Directory / File What is it for
e2e Home of end-to-end tests, written in Jasmine and using Protractor (a Node.js module)
node_modules A huge collection of Node.js modules need to run – and eventually build – the app. This is static code, ie. should be excluded from SCM, validation etc.
src Here is where the actual app code resides
 app
 app.component.css Style definition for the main app, referenced in the app.component.ts.
 app.component.html The HTML template for the main app component (referenced in app.component.ts).
 app.component.specs.ts The test file for the main app component.
 app.component.ts Defines the main app component. Once development has started, there will be more components, named something like customeraddress.component.ts. Typically the definition has a tag ‘selector’, a template (string or URL), and a style.
 app.module.ts  The ,main app module definition, ie. imports for all components and services.
 assets Images, media files etc.
 environments Lets you define environment-specific properties
 index.html The single page. Somewhere the HTML will either have an ‘ng-app’ attribute, or a tag which is referenced as ‘selector’ in a component.ts file.
 main.ts Something like the main() method of a Java app, thus loads the main app module.
 polyfill.ts Polyfill: A polyfill is a browser fallback, made in JavaScript, that allows functionality you expect to work in modern browsers to work in older browsers, e.g., to support canvas (an HTML5 feature) in older browsers. (from Stackoverflow)
 styles.css Global styles
 test.ts The main() method to start tests, using Karma.
 tsconfig.json Configuration for TS compilation, eg. ‘should a source map be generated’, ‘what is the target ES-version’
karma.conf.js Karma configuration (duh), needed for running tests (with ‘ng test’).
package.json Defines which Node.js packages are required by the app.
protractor.conf.js Protractor configuration (duh again), needed for running end-to-end tests.
tslint.json Configuration of how TypeScript should be used by defining a set of ‘rules’.
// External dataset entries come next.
Theorem lemma1 (R : realType) (X : topologicalType)
  (hX : compact [set: X]) (hH : hausdorff_space X)
  (V : Type) (o : star_alg_ops R V) (one : V) (Sf : set (V -> R))
  (hA : is_relaxed_Cstar_algebra o one Sf) :
  is_Cstar_algebra (@fun_ops R X V o) (@CX_boxtimes R X V o Sf).
Proof.
have hV := relaxed_Cstar_algebra hA.
have [_ [vector_laws [algebra_laws [star_laws _]]]] := hV.
split.
  split; first exact: (CX0 X hA).
  split; first exact: (CXD hA).
  split; first exact: (CXN hA).
  split; first exact: (CXZ hA).
  split; first exact: (CXM hA).
  exact: (CX_star hA).
split.
  move: vector_laws => /= [? [? [? [? [? [? [? ?]]]]]]].
  by do !split=> * /=; apply: funext => ?; auto.
split.
  move: algebra_laws => /= [? [? [? [? ?]]]].
  by do !split=> * /=; apply: funext => ?; auto.
split.
  move: star_laws => /= [? [? [? ?]]].
  by do !split=> * /=; apply: funext => ?; auto.
split; last exact: (CX_complete hA).
split; first by move=> f [bf _]; exact: (snorm_ge0 hV bf).
split; first by move=> f [bf _]; exact: (snorm_eq0 hV bf).
split; first by move=> f g [bf _] [bg _]; exact: (snormD hV bf bg).
split; first by move=> a f [bf _]; exact: (snormZ hV a bf).
split; first by move=> f g [bf _] [bg _]; exact: (snormM hV bf bg).
by move=> f [bf _]; exact: (snorm_Cstar hV bf).
Qed.
(* sigma is a symbol for C in C^{k+2}(E) *)
Definition isSymbol k (C : {ffun 'I_k.+1 -> E} -> E)
    (sigma : {ffun 'I_k -> E} -> A -> A) : Prop :=
  [/\ forall a, multilinA (fun v => sigma v a),
      forall v, isDer (sigma v),
      forall v u w, sigma v (ip u w) = ip (C (snoc v u)) w + ip u (C (snoc v w)) &
      match k return ({ffun 'I_k.+1 -> E} -> E) -> ({ffun 'I_k -> E} -> A -> A) -> Prop with
      | 0 => fun _ _ => True
      | m.+1 => fun C s => symbol_cond2 C s
      end C sigma].

(* the ambient type of degree-n cochains: C^0 = A, C^1 = E,
   C^{k+2} inside maps E^{k+1} -> E *)
Definition cochain (n : nat) : Type :=
  match n with
  | 0 => A
  | 1 => E
  | k.+2 => {ffun 'I_k.+1 -> E} -> E
  end.

Definition isCochain n : cochain n -> Prop :=
  match n return cochain n -> Prop with
  | 0 => fun _ => True
  | 1 => fun _ => True
  | k.+2 => fun C => multilinE C /\ exists sigma, isSymbol C sigma
  end.

Definition czero n : cochain n :=
  match n return cochain n with
  | 0 => (0 : A) | 1 => (0 : E) | k.+2 => fun _ => 0 end.
Definition cadd n : cochain n -> cochain n -> cochain n :=
  match n return cochain n -> cochain n -> cochain n with
  | 0 => fun a b : A => a + b
  | 1 => fun x y : E => x + y
  | k.+2 => fun C D v => C v + D v
  end.
Definition cscale n (r : R) : cochain n -> cochain n :=
  match n return cochain n -> cochain n with
  | 0 => fun a : A => r *: a
  | 1 => fun x : E => rsc r x
  | k.+2 => fun C v => rsc r (C v)
  end.

Definition iins k (x : E) : cochain k.+2 -> cochain k.+1 :=
  match k return cochain k.+2 -> cochain k.+1 with
  | 0 => fun C => C (fcons x (of_seq 0 [::]))
  | m.+1 => fun C v => C (fcons x v)
  end.

(* A bilinear operation on homogeneous cochains, with an explicit target
   degree n: op r s n c d is the degree-n component of op(c, d). *)
Definition gop := forall r s n, cochain r -> cochain s -> cochain n.

Record isBracket (br : gop) : Prop := {
  br_closed : forall r s n c d, isCochain c -> isCochain d -> isCochain (br r s n c d);
  br_graded : forall r s n c d, isCochain c -> isCochain d ->
      (n != r + s - 2)%N || (r + s < 2)%N -> br r s n c d = czero n;
  br_linl : forall r s n (a : R) c c' d, isCochain c -> isCochain c' -> isCochain d ->
      br r s n (cadd (cscale a c) c') d = cadd (cscale a (br r s n c d)) (br r s n c' d);
  br_linr : forall r s n (a : R) c d d', isCochain c -> isCochain d -> isCochain d' ->
      br r s n c (cadd (cscale a d) d') = cadd (cscale a (br r s n c d)) (br r s n c d');
  br_skew : forall r s n c d, isCochain c -> isCochain d ->
      br r s n c d = cscale (- (-1) ^+ (r * s)%N) (br s r n d c);
  br_EE : forall x y : E, br 1 1 0 x y = ip x y;
  br_symbol : forall (D : cochain 2) (a : A) sigma, isCochain D -> isSymbol D sigma ->
      br 2 0 0 D a = sigma (of_seq 0 [::]) a /\ br 0 2 0 a D = - sigma (of_seq 0 [::]) a;
  br_ins : forall k (C : cochain k.+2) (x : E), isCochain C ->
      br k.+2 1 k.+1 C x = iins x C /\
      br 1 k.+2 k.+1 x C = cscale ((-1) ^+ (k.+3)) (iins x C);
  br_jacobi : forall r s (c : cochain r) (d : cochain s) (x : E),
      isCochain c -> isCochain d -> (3 <= r + s)%N ->
      br (r + s - 2)%N 1 (r + s - 3)%N (br r s (r + s - 2)%N c d) x =
      cadd (cscale ((-1) ^+ s) (br (r - 1)%N s (r + s - 3)%N (br r 1 (r - 1)%N c x) d))
           (br r (s - 1)%N (r + s - 3)%N c (br s 1 (s - 1)%N d x))
}.

Record isWedge (br : gop) (wd : gop) : Prop := {
  wd_closed : forall r s n c d, isCochain c -> isCochain d -> isCochain (wd r s n c d);
  wd_graded : forall r s n c d, isCochain c -> isCochain d ->
      (n != r + s)%N -> wd r s n c d = czero n;
  wd_linl : forall r s n (a : R) c c' d, isCochain c -> isCochain c' -> isCochain d ->
      wd r s n (cadd (cscale a c) c') d = cadd (cscale a (wd r s n c d)) (wd r s n c' d);
  wd_linr : forall r s n (a : R) c d d', isCochain c -> isCochain d -> isCochain d' ->
      wd r s n c (cadd (cscale a d) d') = cadd (cscale a (wd r s n c d)) (wd r s n c d');
  wd_AA : forall a b : A, wd 0 0 0 a b = (a * b : A);
  wd_AE : forall (a : A) (x : E), wd 0 1 1 a x = (a *: x : E);
  wd_EA : forall (x : E) (a : A), wd 1 0 1 x a = (a *: x : E);
  wd_leibniz : forall r s (c : cochain r) (d : cochain s) (x : E),
      isCochain c -> isCochain d ->
      br (r + s)%N 1 (r + s - 1)%N (wd r s (r + s)%N c d) x =
      cadd (cscale ((-1) ^+ s) (wd (r - 1)%N s (r + s - 1)%N (br r 1 (r - 1)%N c x) d))
           (wd r (s - 1)%N (r + s - 1)%N c (br s 1 (s - 1)%N d x))
}.

End Cochains.

Section Transport.
Variables (R : comNzRingType) (A B : comAlgType R) (E : lmodType A) (F : lmodType B).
Funny enough, AngularJS provides it’s own Anatomy of the Setup Project, but there seem to some slight differences (no SystemJS, no tsconfig has moved, etc.). The above table is what I got from running ‘ng new’.

What’s next

Now that ‘Hello World’ is running (or, in the ng-world, ‘app works’), I’ll probably setup a user service to run a login, define a login component with a little username/password form, and look into how I can configure AngularJS to protect parts of a site from unauthenticated users.